Fig. 2. Consistency in progressive alignment. (Batzoglou S, 2005)
- Iterative Alignment: Iterative methods refine the initial suboptimal alignment by repeatedly modifying it until the best solution is found. PRRN is a tool that uses an iterative approach, starting with adult pairs and generating weighted trees for subsequent pairs.
- Block-based alignment: The block-based approach recognizes gap-free comparison blocks shared by all sequences. It is particularly useful for identifying conserved structural domains and motifs in highly divergent sequences of different lengths.
Applications of Sequence Alignment
Sequence comparison has a variety of uses in molecular biology, including but not limited to:
- Identifying unknown sequences: Sequence comparison can be used to discover unknown sequences by comparing them with known sequences in a database.
- Predicting new members of gene families: Sequence alignment can provide predictions about new members of gene families.
- Discovering evolutionary relationships: Phylogenetic trees constructed using sequence alignment can provide insight into the evolutionary relationships between sequences.
- Predicting Regulatory Regions: Sequence alignment can predict the location and function of protein coding and transcriptional regulatory regions in genomic DNA.
- Identify structurally or functionally similar regions: By highlighting similar regions, sequence alignment can help identify structurally or functionally similar regions in DNA, RNA, or protein sequences.

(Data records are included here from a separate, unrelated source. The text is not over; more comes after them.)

Lemma closed_del_edges_homr_sym (C : gclass) (K G H : graph) :
  closed_del_edges C -> C K -> hom_equiv C G H ->
  forall r, symmetric r -> subrel r (adj K) -> homr r (adj G) = homr r (adj H).
Proof.
move=> hC CK eqGH r; have [n ltKn] := ubnP (npairs (adj K)).
elim: n K ltKn CK r => // n IHn K; rewrite ltnS => leKn CK r rs rK.
case: (pickP (fun p : 'I_(vnum K) * 'I_(vnum K) => adj K p.1 p.2 && ~~ r p.1 p.2)).
  case=> u v /andP[Kuv nruv]; have rKuv := subrel_del_rel rs rK nruv.
  apply: (IHn (del_edge u v)) => //; last exact: hC.
  apply: leq_trans leKn; apply: (npairs_lt (u := u) (v := v)) => //.
    by move=> x y /andP[].
  by rewrite /= /del_rel !eqxx andbF.
move=> noKr; have Kr : adj K =2 r.
  move=> u v; apply/idP/idP => [Kuv | /rK //].
  by apply: negbFE; have := noKr (u, v); rewrite /= Kuv.
by rewrite -!(eq_homr _ Kr); apply: eqGH.
Qed.

Lemma closed_del_edges_homr (C : gclass) (K G H : graph) :
  closed_del_edges C -> C K -> hom_equiv C G H ->
  forall r, subrel r (adj K) -> homr r (adj G) = homr r (adj H).
Proof.
move=> hC CK eqGH r rK.
rewrite (homr_symc r (@adj_sym G)) (homr_symc r (@adj_sym H)).
apply: (closed_del_edges_homr_sym hC CK eqGH) => [u v | u v]; first by rewrite orbC.
by case/orP=> /rK //; rewrite adj_sym.
Qed.

Definition homr_inout (S T : finType) (a b : rel S) (e : rel T) : nat :=
  #|[set f : {ffun S -> T} | homb a e f && homb b (fun x y => ~~ e x y) f]|.

Section InclusionExclusion.
Variables (S : finType).

Lemma homr_inout_false (T : finType) (a b : rel S) (e : rel T) :
  b =2 (fun _ _ => false) -> homr_inout a b e = homr a e.
Proof.
move=> b0; apply: eq_card => f; rewrite !inE (@eq_homb _ _ b (fun _ _ => false)).
  by rewrite homb_false andbT.
by move=> x y _; rewrite b0.
Qed.

Lemma homr_inout_split (T : finType) (a b : rel S) (e : rel T) u v : b u v ->
  homr_inout a (fun x y => b x y && ((x, y) != (u, v))) e =
  homr_inout a b e + homr_inout (fun x y => a x y || ((x, y) == (u, v)))
                      (fun x y => b x y && ((x, y) != (u, v))) e.
Proof.
move=> buv; rewrite /homr_inout !card_set_sum -big_split /=; apply: eq_bigr => f _.
case Euv: (e (f u) (f v)).
  have -> : homb b (fun x y => ~~ e x y) f = false.
    by apply/negP => /forallP/(_ u)/forallP/(_ v); rewrite buv Euv.
  have -> : homb (fun x y => a x y || ((x, y) == (u, v))) e f = homb a e f.
    apply: eq_homb => x y nExy; case: eqP => [[xu yv] | _]; last by rewrite orbF.
    by move: nExy; rewrite xu yv Euv.
  by rewrite andbF.
have -> : homb (fun x y => a x y || ((x, y) == (u, v))) e f = false.
  by apply/negP => /forallP/(_ u)/forallP/(_ v); rewrite eqxx orbT Euv.
have -> : homb b (fun x y => ~~ e x y) f =
          homb (fun x y => b x y && ((x, y) != (u, v))) (fun x y => ~~ e x y) f.
  apply: eq_homb => x y; rewrite negbK => Exy.
  case: eqP => [[xu yv] | _]; last by rewrite andbT.
  by move: Exy; rewrite xu yv Euv.
by rewrite addn0.
Qed.

Variables (T1 T2 : finType) (s : rel S) (e1 : rel T1) (e2 : rel T2).
Hypothesis eq_homr_sub : forall r, subrel r s -> homr r e1 = homr r e2.

Lemma eq_homr_inout (a b : rel S) :
  subrel a s -> subrel b s -> homr_inout a b e1 = homr_inout a b e2.
Proof.
have [n ltbn] := ubnP (npairs b).
elim: n a b ltbn => // n IHn a b; rewrite ltnS => lebn sa sb.
case: (pickP (fun p : S * S => b p.1 p.2)) => [[u v] /= buv | b0]; last first.
  have b0' : b =2 (fun _ _ => false) by move=> x y; apply: (b0 (x, y)).
  by rewrite !homr_inout_false //; apply: eq_homr_sub.
set b' := fun x y => b x y && ((x, y) != (u, v)).
set a' := fun x y => a x y || ((x, y) == (u, v)).
have IHb' a'' : subrel a'' s -> homr_inout a'' b' e1 = homr_inout a'' b' e2.
  move=> sa''; apply: IHn => //; last by move=> x y /andP[/sb].
  apply: leq_trans lebn; apply: (npairs_lt (u := u) (v := v)) => //.
    by move=> x y /andP[].
  by rewrite /b' eqxx andbF.
have sa' : subrel a' s by move=> x y /orP[/sa // | /eqP[-> ->]]; apply: sb.
apply/eqP; rewrite -(eqn_add2r (homr_inout a' b' e1)) -homr_inout_split // (IHb' a') //.
by rewrite -homr_inout_split // IHb'.
Qed.

End InclusionExclusion.

Lemma hom_fcompl (K G : graph) :
  hom K (fcompl G) = homr_inout (fun _ _ => false) (adj K) (adj G).
Proof. by apply: eq_card => f; rewrite !inE homb_false. Qed.

Lemma closed_del_edges_fcompl (C : gclass) (G H : graph) :
  closed_del_edges C -> hom_equiv C G H -> hom_equiv C (fcompl G) (fcompl H).
Proof.
move=> hC eqGH K CK; rewrite !hom_fcompl; apply: (eq_homr_inout (s := adj K)) => //.
exact: closed_del_edges_homr hC CK eqGH.
Qed.

Lemma hom_fcomplK (K G : graph) : hom K (fcompl (fcompl G)) = hom K G.
Proof.
apply: eq_card => f; rewrite !inE.
by apply: eq_forallb => u; apply: eq_forallb => v; rewrite /= negbK.
Qed.

Lemma compl_preserved_of_closed (C : gclass) : closed_del_edges C -> compl_preserved C.
Proof.
move=> hC G H _ _; split; first exact: closed_del_edges_fcompl.
move=> eqc K CK; rewrite -hom_fcomplK -(hom_fcomplK K H).
exact: (closed_del_edges_fcompl hC eqc).
Qed.

Definition rel_graph (T : finType) (e : rel T) (es : symmetric e) : graph :=
  Graph #|T| (fun i j => e (enum_val i) (enum_val j)) (fun i j => es _ _).

Lemma hom_rel_graph (K : graph) (T : finType) (e : rel T) (es : symmetric e) :
  hom K (rel_graph es) = homr (adj K) e.
Proof. exact: homr_relabel (@enum_val_bij T). Qed.

Lemma prod_rel_sym (G : graph) (T : finType) (e : rel T) (es : symmetric e) :
  symmetric (fun p q : 'I_(vnum G) * T => adj G p.1 q.1 && e p.2 q.2).
Proof. by move=> p q; rewrite adj_sym es. Qed.

Definition gprod (G : graph) (T : finType) (e : rel T) (es : symmetric e) : graph :=
  rel_graph (@prod_rel_sym G _ _ es).

Lemma hom_gprod (K G : graph) (T : finType) (e : rel T) (es : symmetric e) :
  hom K (gprod G es) = hom K G * homr (adj K) e.
Proof. by rewrite hom_rel_graph homr_prod. Qed.

Lemma simple_gprod (G : graph) (T : finType) (e : rel T) (es : symmetric e) :
  (forall t, ~~ e t t) -> simple (gprod G es).
Proof. by move=> eirr v; rewrite /= (negbTE (eirr _)) andbF. Qed.

Lemma neq_sym (T : eqType) : symmetric (fun x y : T => x != y).
Proof. by move=> x y; rewrite eq_sym. Qed.

Lemma homr_neq_gt0 (S : finType) (r : rel S) :
  (forall x, ~~ r x x) -> 0 < homr r (fun x y : S => x != y).
Proof.
move=> rirr; apply/card_gt0P; exists [ffun x => x]; rewrite inE.
apply/forallP => u; apply/forallP => v; apply/implyP; rewrite !ffunE.
by apply: contraTneq => ->.
Qed.

Lemma cl_simple (F : gclass) (K : graph) : cl F K -> simple K.
Proof. by case. Qed.

Lemma cl_hom_equiv (F : gclass) (G H : graph) :
  simple G -> simple H -> hom_equiv F G H -> hom_equiv (cl F) G H.
Proof. by move=> sG sH eqGH K [_ clK]; apply: clK. Qed.

(* A product with the complete graph on V(K) makes any graph simple while
   multiplying hom(K, -) by the nonzero number of proper colourings of K. *)
Lemma hom_equiv_cl (F : gclass) : class_of_simple F ->
  forall G H, hom_equiv (cl F) G H <-> hom_equiv F G H.
Proof.
move=> hF G H; split=> eqGH K.
  by move=> FK; apply: eqGH; split; [exact: hF | by move=> G' H' _ _; apply].
case=> sK clK; have Kn := @neq_sym 'I_(vnum K).
have neq_irr (x : 'I_(vnum K)) : ~~ (x != x) by rewrite eqxx.
have eqGHn : hom_equiv F (gprod G Kn) (gprod H Kn) by move=> K' FK'; rewrite !hom_gprod eqGH.
have := clK _ _ (@simple_gprod G _ _ Kn neq_irr) (@simple_gprod H _ _ Kn neq_irr) eqGHn.
by rewrite !hom_gprod => /eqP; rewrite eqn_pmul2r ?homr_neq_gt0 // => /eqP.
Qed.

Lemma compl_preserved_cl (F : gclass) : class_of_simple F ->
  compl_preserved F -> compl_preserved (cl F).
Proof.
move=> hF compF G H sG sH.
by split=> /(hom_equiv_cl hF)/(compF G H sG sH)/(hom_equiv_cl hF).
Qed.

Lemma npairs_comp (S : finType) (r : rel S) (h : S -> S) :
  injective h -> npairs (fun u v => r (h u) (h v)) = npairs r.
Proof.
move=> h_inj; rewrite /npairs -[RHS](card_preimset _ (f := fun p : S * S => (h p.1, h p.2))).
  by apply: eq_card => p; rewrite !inE.
by move=> [x y] [x' y'] [/h_inj-> /h_inj->].
Qed.

Lemma subrel_npairs_eq (S : finType) (r r' : rel S) :
  subrel r r' -> npairs r' <= npairs r -> r =2 r'.
Proof.
move=> rr' le_r'r x y; have : [set p : S * S | r p.1 p.2] == [set p | r' p.1 p.2].
  by rewrite eqEcard le_r'r andbT; apply/subsetP => p; rewrite !inE => /rr'.
by move/eqP/setP/(_ (x, y)); rewrite !inE.
Qed.

Lemma homr_pull_iso (S T : finType) (s r : rel S) (e : rel T) (h : S -> S) :
  injective h -> npairs r <= npairs (pull_rel s r h) -> homr (pull_rel s r h) e = homr r e.
Proof.
move=> h_inj le_r; rewrite -[RHS](homr_comp _ _ (injF_bij h_inj)); apply: eq_homr.
by apply: subrel_npairs_eq => [u v /andP[] // | ]; rewrite npairs_comp.
Qed.

Lemma full_image_inj (T : finType) (h : T -> T) : h @: setT == setT -> injective h.
Proof.
move=> /eqP imh; have h_inj : {in setT &, injective h} by apply/imset_injP; rewrite imh.
by move=> x y; apply: h_inj; rewrite inE.
Qed.
(* Fix the start x0 = x~_{j-1} and the outer batch I_j, so that e = e_j is fixed.
   1. Uniform mini-batches are unbiased: the average of grad f_S over all batches
      of size b is grad f.  Hence one inner step moves the conditional mean of
      <e, x_k - x0> by -eta (1-lam) <e, grad f(x_k)> - eta |e|^2.
   2. Averages over N i.i.d. uniform batches satisfy a Markov property, so the
      averaged quantity u_N = E<e, x_N - x0> obeys
      u_{N+1} = u_N - eta (1-lam) v_N - eta |e|^2  with u_0 = 0.
   3. Weighting by the geometric law P(N) = (1-g) g^N, g = B/(B+b), turns this
      recursion into the fixed-point equation  U = g (U + W)  for the series,
      i.e. b U = B W, which is the claim for fixed x0 and I_j.
   4. Averaging over I_j and integrating over the history x0 = X(w) is linear. *)

From mathcomp Require Import all_boot all_order all_algebra.
From mathcomp Require Import all_classical all_reals all_analysis.
From mathcomp Require Import perm.
From mathcomp.algebra_tactics Require Import ring.
Set Implicit Arguments. Unset Strict Implicit. Unset Printing Implicit Defensive.
Import Order.TTheory GRing.Theory Num.Theory.
Import numFieldNormedType.Exports.
Local Open Scope ring_scope.

Lemma sum_tuple_cons (V : nmodType) (T : finType) (P : pred T) (N : nat)
    (h : seq T -> V) :
  \sum_(t : N.+1.-tuple T | [forall i, P (tnth t i)]) h t =
  \sum_(x | P x) \sum_(t : N.-tuple T | [forall i, P (tnth t i)]) h (x :: t).
Proof.
rewrite pair_big_dep /=.
rewrite (reindex (fun p : T * N.-tuple T => [tuple of p.1 :: p.2])) /=; last first.
  exists (fun t : N.+1.-tuple T => (thead t, [tuple of behead t])).
    by move=> [x t] _ /=; congr pair; apply: val_inj.
  by move=> t _ /=; rewrite [RHS]tuple_eta.
apply: eq_bigl => -[x t] /=.
apply/forallP/andP => [Hxt|[Px /forallP Ht] i].
  split; first exact: Hxt ord0.
  by apply/forallP => i; have := Hxt (lift ord0 i); rewrite tnthS.
by case: (unliftP ord0 i) => [j ->|->]; rewrite ?tnthS ?tnth0.
Qed.
Lemma frame_at t s : D t s ->
  g2_frame (I1 gamma t s) (I2 gamma t s) (I3 gamma t s) (I4 gamma t s) (I5 gamma t s)
    (I6 gamma t s) (I7 gamma t s).
Proof.
  intros Hts.
  assert (Hi1 : is_imag (I1 gamma t s)) by (apply is_imag_oscale, (is_imag_iter 2), Hts).
  assert (Hi4 : is_imag (I4 gamma t s)) by (apply (is_imag_iter 1), Hts).
  assert (Hv : is_imag (dS (I1 gamma) t s)).
  { apply is_imag_odv, (near_s t s _ Hts); intros u Hu.
    apply is_imag_oscale, (is_imag_iter 2), Hu. }
  destruct (unit_orth_residual _ _ _ (kappa2 gamma t s) Hi1 Hi4 Hv (I1_unit t s Hts)
    (I4_unit t s Hts) (I1_I4_orth t s Hts) (dS_I1_I1 t s Hts) (Hk2 t s Hts)
    (kappa2_sq t s Hts)) as [Hi2 [N22 [N12 [N24 N25]]]].
  exact (g2_frame_of_triple _ _ _ Hi1 Hi2 Hi4 (I1_unit t s Hts) N22 (I4_unit t s Hts) N12
    (I1_I4_orth t s Hts) N24 N25).
Qed.

Lemma dS_I1_eq t s : D t s ->
  dS (I1 gamma) t s = oadd (oscale (- k1 gamma t s) (I4 gamma t s))
    (oadd (oscale (rho1 gamma t s) (I5 gamma t s)) (oscale (kappa2 gamma t s) (I2 gamma t s))).
Proof.
  intros Hts; rewrite <- (dS_I1_I4 t s Hts); unfold rho1, I2.
  apply orth_residual_decomp, Rgt_not_eq, Hk2, Hts.
Qed.

Lemma Derive_inv_k1_s t s : D t s ->
  Derive (fun u => / k1 gamma t u) s =
  - oinner (dS (dS (dS gamma)) t s) (dS (dS gamma) t s) / k1 gamma t s ^ 3.
Proof.
  intros Hts; apply is_derive_unique.
  exact (is_derive_inv_onorm (dS (dS gamma) t) s (odiff_iter_s 2 t s Hts) (k1_sq_pos t s Hts)).
Qed.

Lemma dS_I1_formula t s : D t s ->
  dS (I1 gamma) t s =
  oadd (oscale (- oinner (dS (dS (dS gamma)) t s) (dS (dS gamma) t s) / k1 gamma t s ^ 3)
          (dS (dS gamma) t s))
       (oscale (/ k1 gamma t s) (dS (dS (dS gamma)) t s)).
Proof.
  intros Hts; change (dS (I1 gamma) t s)
    with (odv (fun u => oscale (/ k1 gamma t u) (dS (dS gamma) t u)) s).
  rewrite odv_oscale.
  - rewrite Derive_inv_k1_s by exact Hts; reflexivity.
  - apply (odiff_iter_s 2), Hts.
  - apply ex_derive_inv_k1_s, Hts.
Qed.

Lemma odiff_dS_I1 t s : D t s -> odiff (dS (I1 gamma) t) s.
Proof.
  intros Hts; apply (odiff_ext_loc (fun u =>
    oadd (oscale (- oinner (dS (dS (dS gamma)) t u) (dS (dS gamma) t u) / k1 gamma t u ^ 3)
            (dS (dS gamma) t u))
         (oscale (/ k1 gamma t u) (dS (dS (dS gamma)) t u)))).
  { apply (near_s t s _ Hts); intros u Hu; symmetry; apply dS_I1_formula, Hu. }
  pose proof (odiff_iter_s 2 t s Hts) as H2; pose proof (odiff_iter_s 3 t s Hts) as H3.
  apply odiff_oadd; apply odiff_oscale; try assumption; [| apply ex_derive_inv_k1_s, Hts].
  apply (ex_derive_div (fun u => - oinner (dS (dS (dS gamma)) t u) (dS (dS gamma) t u))
    (fun u => k1 gamma t u ^ 3)).
  - apply (ex_derive_opp (fun u => oinner (dS (dS (dS gamma)) t u) (dS (dS gamma) t u))),
      ex_derive_oinner; assumption.
  - apply (ex_derive_pow (fun u => k1 gamma t u)), ex_derive_onorm; [exact H2 |].
    apply k1_sq_pos, Hts.
  - apply pow_nonzero, k1_neq0, Hts.
Qed.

The Best Tool or Software for Sequence Alignment
There are a variety of tools and software available for sequence alignment, and the choice usually depends on the specific task at hand. Some of the most commonly used include BLAST, FASTA, and GeneWise. These software programs provide a comprehensive solution for sequence alignment and have been widely adopted by the bioinformatics community.
References:
- Mount, D. W. (2001) Bioinformatics: sequence and genome analysis. Cold Spring Harbor Laboratory Press.
- Batzoglou S. The many faces of sequence alignment. Brief Bioinform. 2005 Mar;6(1):6-22.